Theory only addresses the first problem. Its theory of moral learning assumes the pre-existence of a just society, and Rawls gives only a smattering of pages to the question of how to move from ‘non-ideal’ circumstances towards justice. Rawls (1999b: 335–343) discusses how civil disobedience might redress injustice, but on his view protest should express a fidelity to the regnant polity, and appeal to the sense of justice of the majority, to bring society back into equilibrium with its own principles. This presupposes that society is ‘nearly just’, and suggests that, for Rawls, there is no condition of penury from which to transition in the first place.

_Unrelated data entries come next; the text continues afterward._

Lemma dist_unif_small : 0 < delta ->
  forall e, 0 < e -> exists K, forall s, dist_unif K s <= e.
Proof.
move=> delta_gt0 e e_gt0.
have [s0 _|G0] := pickP (@predT G); last by exists 0%N => s; have := G0 s.
have c_ge0 := doeblin_coef_ge0 s0; set c := 1 - _ in c_ge0 *.
have c_lt1 : `|c| < 1.
  by rewrite ger0_norm // ltrBlDr ltrDl mulr_gt0 // ltr0n; apply/card_gt0P; exists s0.
have e2_gt0 : 0 < e / 2 by rewrite divr_gt0.
have [j _ cj_small] := (cvgrPdist_lt _ _).1 (cvg_expr c_lt1) _ e2_gt0.
have := cj_small j (leqnn j); rewrite /= sub0r normrN ger0_norm ?exprn_ge0 // => cj_lt.
by exists (j * L0)%N => s; apply: le_trans (dist_unif_decay j s) _; lra.
Qed.

End DoeblinContraction.

Lemma count_below_dev (R : realFieldType) (P : pred nat) (rho e : R) Q : (0 < Q)%N ->
  (forall a, `|Q%:R * rho - (count_below (fun b => P (Q * a + b)) Q)%:R| <= Q%:R * e) ->
  forall N, `|N%:R * rho - (count_below P N)%:R| <= N%:R * e + Q%:R * (1 + `|rho|).
Proof.
move=> Q_gt0 block_dev N; set M := (N %/ Q)%N; set r := (N %% Q)%N.
have Q_pos : 0 < Q%:R :> R by rewrite ltr0n.
have e_ge0 : 0 <= e by rewrite -(pmulr_rge0 _ Q_pos) (le_trans _ (block_dev 0%N)).
have N_eq : N = (Q * M + r)%N by rewrite mulnC -divn_eq.
have r_le : r%:R <= Q%:R :> R by rewrite ler_nat ltnW ?ltn_pmod.
have MQ_le : M%:R * Q%:R <= N%:R :> R by rewrite -natrM ler_nat N_eq mulnC leq_addr.
set T := count_below (fun j => P (Q * M + j)) r.
have T_le : T%:R <= r%:R :> R by rewrite ler_nat count_below_le.
have -> : N%:R * rho - (count_below P N)%:R =
    \sum_(a < M) (Q%:R * rho - (count_below (fun b => P (Q * a + b)) Q)%:R) + (r%:R * rho - T%:R).
  rewrite sumrB sumr_const card_ord -mulr_natl {1 2}N_eq count_below_mulD.
  by rewrite !natrD natrM natr_sum; ring.
apply: le_trans (ler_normD _ _) _.
have blocks_le : `|\sum_(a < M) (Q%:R * rho - (count_below (fun b => P (Q * a + b)) Q)%:R)|
    <= M%:R * Q%:R * e.
  apply: le_trans (ler_norm_sum _ _ _) (le_trans (ler_sum _ _) _) => [a _|].
    exact: block_dev.
  by rewrite sumr_const card_ord -mulrA [leRHS]mulr_natl.
have tail_le : `|r%:R * rho - T%:R| <= r%:R * `|rho| + r%:R.
  by apply: le_trans (ler_normB _ _) _; rewrite normrM ger0_norm ?normr_nat ?lerD2l.
have : M%:R * Q%:R * e <= N%:R * e by rewrite ler_wpM2r.
have : r%:R * `|rho| <= Q%:R * `|rho| by rewrite ler_wpM2r.
lra.
Qed.

Lemma has_density_of_blocks (R : realType) (P : pred nat) (rho : R) :
  (forall e, 0 < e -> exists2 Q, (0 < Q)%N &
     forall a, `|Q%:R * rho - (count_below (fun b => P (Q * a + b)) Q)%:R| <= Q%:R * e) ->
  has_density P rho.
Proof.
move=> blocks; apply/cvgrPdist_le => e e_gt0.
have [Q Q_gt0 block_dev] := blocks (e / 2) (divr_gt0 e_gt0 (ltr0Sn R 1)).
set K := Q%:R * (1 + `|rho|).
have K_ge0 : 0 <= K by rewrite mulr_ge0 ?addr_ge0.
have bound_ge0 : 0 <= 2 * K / e by rewrite divr_ge0 ?mulr_ge0 // ltW.
exists (Num.Def.archi_bound (2 * K / e)).+1 => // N /= N_gt.
have N_pos : 0 < N%:R :> R by rewrite ltr0n (leq_trans _ N_gt).
have KN : K <= e / 2 * N%:R.
  have : 2 * K / e <= N%:R.
    by apply: le_trans (ltW (archi_boundP bound_ge0)) _; rewrite ler_nat ltnW.
  by rewrite ler_pdivrMr //; lra.
have -> : rho - (count_below P N)%:R / N%:R = (N%:R * rho - (count_below P N)%:R) / N%:R.
  by field; rewrite gt_eqF.
rewrite normrM normfV (gtr0_norm N_pos) ler_pdivrMr //.
apply: le_trans (count_below_dev Q_gt0 block_dev N) _; rewrite -/K.
have -> : e * N%:R = N%:R * (e / 2) + e / 2 * N%:R by field.
by rewrite lerD2l.
Qed.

It is therefore unsurprising that Theory also lacks a theory of evil. Essential to the idea that we develop affection for those tending to our interests is, clearly, some account of what those interests are. Rawls (1963: 287; 1999b: 406) classes the child's interest at the first stage of moral development as ‘rational self-love’, which appears inspired by Rousseau's amour de soi. But at the time, Rousseau's conception of social self-love, amour-propre, was almost unanimously interpreted as a vainglorious desire for status, following inevitably from society, and leading only to human ruin. In the second stage of his scheme, therefore, Rawls appears to rely upon Piaget's (1948: 83–95) parallel but distinct concept of ‘mutual respect’. This is no simple substitution, however, for amour-propre is a bivalent capacity whose corruptibility later allows Rawls to theorise evil.

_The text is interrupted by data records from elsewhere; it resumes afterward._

Lemma cyc_adj_common_uniq n a b c d : 5 <= n -> [/\ a < n, b < n, c < n & d < n] ->
  a != b -> cyc_adj n a c -> cyc_adj n b c -> cyc_adj n a d -> cyc_adj n b d -> c = d.
Proof. rewrite /cyc_adj; lia. Qed.

Definition mate_nat (a : nat) : nat := if odd a then a.-1 else a.+1.

Lemma mate_natK : involutive mate_nat.
Proof. by move=> [|a] //; rewrite /mate_nat /=; case oa: (odd a) => /=; rewrite oa. Qed.

Lemma mate_nat_neq a : mate_nat a != a.
Proof. by rewrite /mate_nat; case: a => [|a] //=; case: ifP => _; lia. Qed.

Section Cycle.
Variable n : nat.
Implicit Types x y z w : 'I_n.
Local Notation e := (@cycle_rel n).

Lemma cycle_relE x y : e x y = cyc_adj n x y.
Proof.
have succ_mod a b : a < n -> b < n ->
    (a.+1 %% n == b) = (a.+1 == b) || (a.+1 == n) && (b == 0).
  move=> lt_an lt_bn; have [lt_a1n|] := ltnP a.+1 n; first by rewrite modn_small //; lia.
  move=> le_na1; have -> : a.+1 = n by lia.
  by rewrite modnn; lia.
rewrite /cycle_rel !succ_mod // /cyc_adj; lia.
Qed.

Definition paired x : bool := mate_nat x < n.
Definition mate x : 'I_n := insubd x (mate_nat x).

Lemma val_mate x : paired x -> val (mate x) = mate_nat x.
Proof. by move=> Px; rewrite val_insubd ifT. Qed.

Lemma mate_pairing x : paired x -> [/\ paired (mate x), mate (mate x) = x & mate x != x].
Proof.
move=> Px; have mx := val_mate Px.
have Pmx : paired (mate x) by rewrite /paired mx mate_natK.
split=> //; first by apply: val_inj; rewrite val_mate // mx mate_natK.
by rewrite -val_eqE mx mate_nat_neq.
Qed.

Lemma cyc_adj_mate x : paired x -> cyc_adj n x (mate x).
Proof.
move=> Px; rewrite /cyc_adj val_mate // /mate_nat.
by case: ifP; case: (nat_of_ord x) => [|a] //=; rewrite eqxx ?orbT.
Qed.

Lemma unpaired x : ~~ paired x -> x.+1 = n /\ odd n.
Proof.
rewrite /paired /mate_nat -leqNgt; have := ltn_ord x.
case: ifP => odd_x lt_xn le_n; first by have := leq_ltn_trans (leq_pred x) lt_xn; lia.
have xn : x.+1 = n by lia.
split=> //; have : odd x.+1 by rewrite /= odd_x.
by rewrite xn.
Qed.

Lemma in_cycle_ball1 x z : (z \in ball e 1 x) = (val z == val x) || cyc_adj n x z.
Proof. by rewrite in_ball1 cycle_relE. Qed.

Section Separation.
Variable S : {set 'I_n}.
Hypotheses (n_ge5 : 5 <= n) (hitS : hits_pairs paired mate S).

Lemma mate_in x : paired x -> x \notin S -> mate x \in S.
Proof. by move=> Px xS; move: (hitS Px); rewrite (negbTE xS). Qed.

Lemma cyc_adj_trace x y z : x \notin S -> y \notin S -> z \in S ->
  (z \in ball e 1 x) = (z \in ball e 1 y) -> cyc_adj n x z = cyc_adj n y z.
Proof.
move=> xS yS zS; have zx : (z == x) = false by apply: contraNF xS => /eqP <-.
have zy : (z == y) = false by apply: contraNF yS => /eqP <-.
by rewrite !in_ball1 !cycle_relE zx zy.
Qed.

(* y = n - 1 is unpaired and x shares a neighbour with it; the pair next to x on the
   far side from y separates them at radius 1 if n = 5 and at radius 2 otherwise. *)
Lemma cycle_separate_last x y : odd n -> y.+1 = n -> (x = 1 :> nat) \/ x + 3 = n ->
  x \notin S -> y \notin S ->
  ~ (forall r z, r <= 2 -> z \in S -> (z \in ball e r x) = (z \in ball e r y)).
Proof.
move=> odd_n yn xv xS yS same.
have adj_same z : z \in S -> cyc_adj n x z = cyc_adj n y z.
  by move=> zS; apply: cyc_adj_trace => //; apply: same.
have n_neq6 : n != 6 by apply: contraTneq odd_n => ->.
have same2 z : z \in S -> (z \in ball e 2 x) = (z \in ball e 2 y).
  by move=> zS; apply: same.
have n1 : 1 < n by lia.
have n3 : 3 < n by lia.
have lx := ltn_ord x.
case: xv => [x1|xn3].
- have P2 : paired (Ordinal (ltnW n3)) by [].
  case/orP: (hitS P2) => [z2S|].
    by have := adj_same _ z2S; rewrite /cyc_adj /= x1; lia.
  have -> : mate (Ordinal (ltnW n3)) = Ordinal n3 by apply: val_inj; rewrite val_mate.
  move=> z3S; have [n5|n_neq5] := eqVneq n 5.
    by have := adj_same _ z3S; rewrite /cyc_adj /= x1; lia.
  suff : (Ordinal n3 \in ball e 2 x) != (Ordinal n3 \in ball e 2 y).
    by rewrite same2 ?eqxx.
  apply: (ball2_separates (w := Ordinal (ltnW n3)));
    rewrite ?in_cycle_ball1 ?cycle_relE /cyc_adj /= ?x1; try lia.
  by move=> w; rewrite !cycle_relE /cyc_adj /=; have := ltn_ord w; lia.
- have P0 : paired (Ordinal (ltnW n1)) by rewrite /paired /=.
  case/orP: (hitS P0) => [z0S|].
    by have := adj_same _ z0S; rewrite /cyc_adj /=; lia.
  have -> : mate (Ordinal (ltnW n1)) = Ordinal n1 by apply: val_inj; rewrite val_mate.
  move=> z1S; have [n5|n_neq5] := eqVneq n 5.
    by have := adj_same _ z1S; rewrite /cyc_adj /=; lia.
  suff : (Ordinal n1 \in ball e 2 y) != (Ordinal n1 \in ball e 2 x).
    by rewrite same2 ?eqxx.
  apply: (ball2_separates (w := Ordinal (ltnW n1)));
    rewrite ?in_cycle_ball1 ?cycle_relE /cyc_adj /=; try lia.
  by move=> w; rewrite !cycle_relE /cyc_adj /=; have := ltn_ord w; lia.
Qed.

Lemma cycle_pairs_separate x y : x \notin S -> y \notin S ->
  (forall r z, r <= 1 + odd n -> z \in S -> (z \in ball e r x) = (z \in ball e r y)) ->
  x = y.
Proof.
wlog Px : x y / paired x.
  move=> gen xS yS same; case Px: (paired x); first exact: gen.
  case Py: (paired y); first by apply/esym/gen => // r z rm zS; rewrite same.
  have [xn _] := unpaired (negbT Px); have [yn _] := unpaired (negbT Py).
  by apply: val_inj => /=; lia.
move=> xS yS same; have [//|xy] := eqVneq x y; exfalso.
have adj_same z : z \in S -> cyc_adj n x z = cyc_adj n y z.
  by move=> zS; apply: cyc_adj_trace => //; apply: same; rewrite ?leq_addr.
have mxS := mate_in Px xS; have ax := cyc_adj_mate Px.
have [Py|/unpaired[yn odd_n]] := boolP (paired y).
  have myS := mate_in Py yS; have ay := cyc_adj_mate Py.
  have [_ mxK _] := mate_pairing Px; have [_ myK _] := mate_pairing Py.
  suff mxy : mate x = mate y by move: xy; rewrite -mxK mxy myK eqxx.
  apply: val_inj; apply: (cyc_adj_common_uniq n_ge5 _ _ ax _ _ ay).
  - by rewrite !ltn_ord.
  - by rewrite val_eqE.
  - by rewrite -adj_same.
  - by rewrite adj_same.
apply: (cycle_separate_last odd_n yn _ xS yS); last first.
  by move=> r z r2; apply: same; rewrite odd_n.
have := adj_same _ mxS; rewrite ax => /esym ay; rewrite -val_eqE /= in xy.
by move: ax ay; have := ltn_ord x; have := ltn_ord (mate x); rewrite /cyc_adj; lia.
Qed.

End Separation.

End Cycle.

Lemma cycle_outcome_M n k : 5 <= n -> 0 < k -> (odd n -> 1 < k) ->
  O_Rk (@cycle_rel n) k = Out_M.
Proof.
move=> n_ge5 k_pos k_ge2; apply: (pairing_strategy_outcome (@mate_pairing n)) => S hitS.
apply: (resolving_k_of_balls (m := 1 + odd n)) => [|| x y].
- by case: (odd n) k_ge2 => // ->.
- by rewrite card_ord; case: (odd n); lia.
- exact: cycle_pairs_separate.
Qed.

Definition opposite4 (x : 'I_4) : 'I_4 := inord ((x + 2) %% 4).

Lemma val_opposite4 x : opposite4 x = (x + 2) %% 4 :> nat.
Proof. by rewrite inordK // ltn_pmod. Qed.

Lemma opposite4_pairing x :
  predT x -> [/\ predT (opposite4 x), opposite4 (opposite4 x) = x & opposite4 x != x].
Proof.
have := ltn_ord x; split=> //; last by rewrite -val_eqE /= val_opposite4; lia.
by apply: val_inj; rewrite /= !val_opposite4; lia.
Qed.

Without a theory of evil or of transition, this is far from ‘Rousseau's answer’ to the problem of evil. We therefore need to turn to how it becomes that theodicy.
Let us start with Rawls’ (2000: 291–308) lectures on Kant, where he contends that Kant's Religion Within the Boundaries of Mere Reason contains an ‘Augustinian moral psychology’. Human nature comprises two forms of self-love (amour de soi and amour-propre) and an inalienable feeling for the moral law (moral feeling). Morality is a question of how these capacities are ordered, of whether we succumb to pride and give self-love free reign, or subordinate our self-love to the moral law. On this Augustinian view, ‘moral failures… must all arise, not from the desire of our physical and social nature, but solely from the exercise of our free power of choice’. Rawls contrasts this to a ‘Manichean’ psychology lingering in some of Kant's remarks, which divides humans into the ‘good self we have as intelligences belonging to the intelligible world; and that … bad self we have as natural beings belonging to the sensible world’. If this were true, our very nature would be inimical to morality. What does this tell us? Rawls can read Kant through Augustine because Kant is working from Rousseau, who mirrored Augustine. It follows, transitively, that Rawls is also reading Rousseau through the Augustinian argument in the first step of his Christian theodicy.
Written in the mid-1980s, these lectures suggest that Rawls still lacked a way of interpreting Rousseau's amour-propre consistent with the possibility of justice. Rawls (2000: 292) indicates that, for Kant, evil is ‘the inevitable outcome’ of the impact of society on amour-propre. It is therefore striking that Rawls’ lectures on Rousseau, written in the early 1990s, are organised around precisely this question. How can the ‘dark and pessimistic’ figures in the Discourses, where it appears ‘inevitable that the social evils and vices that Rousseau deplores will come about’, possibly support the ‘sunnier’ vision of justice in Emile and The Social Contract (Rawls, 2008: 193–194, 197)? Solving this exegetical problem is one and the same as finding an answer to the problem of evil.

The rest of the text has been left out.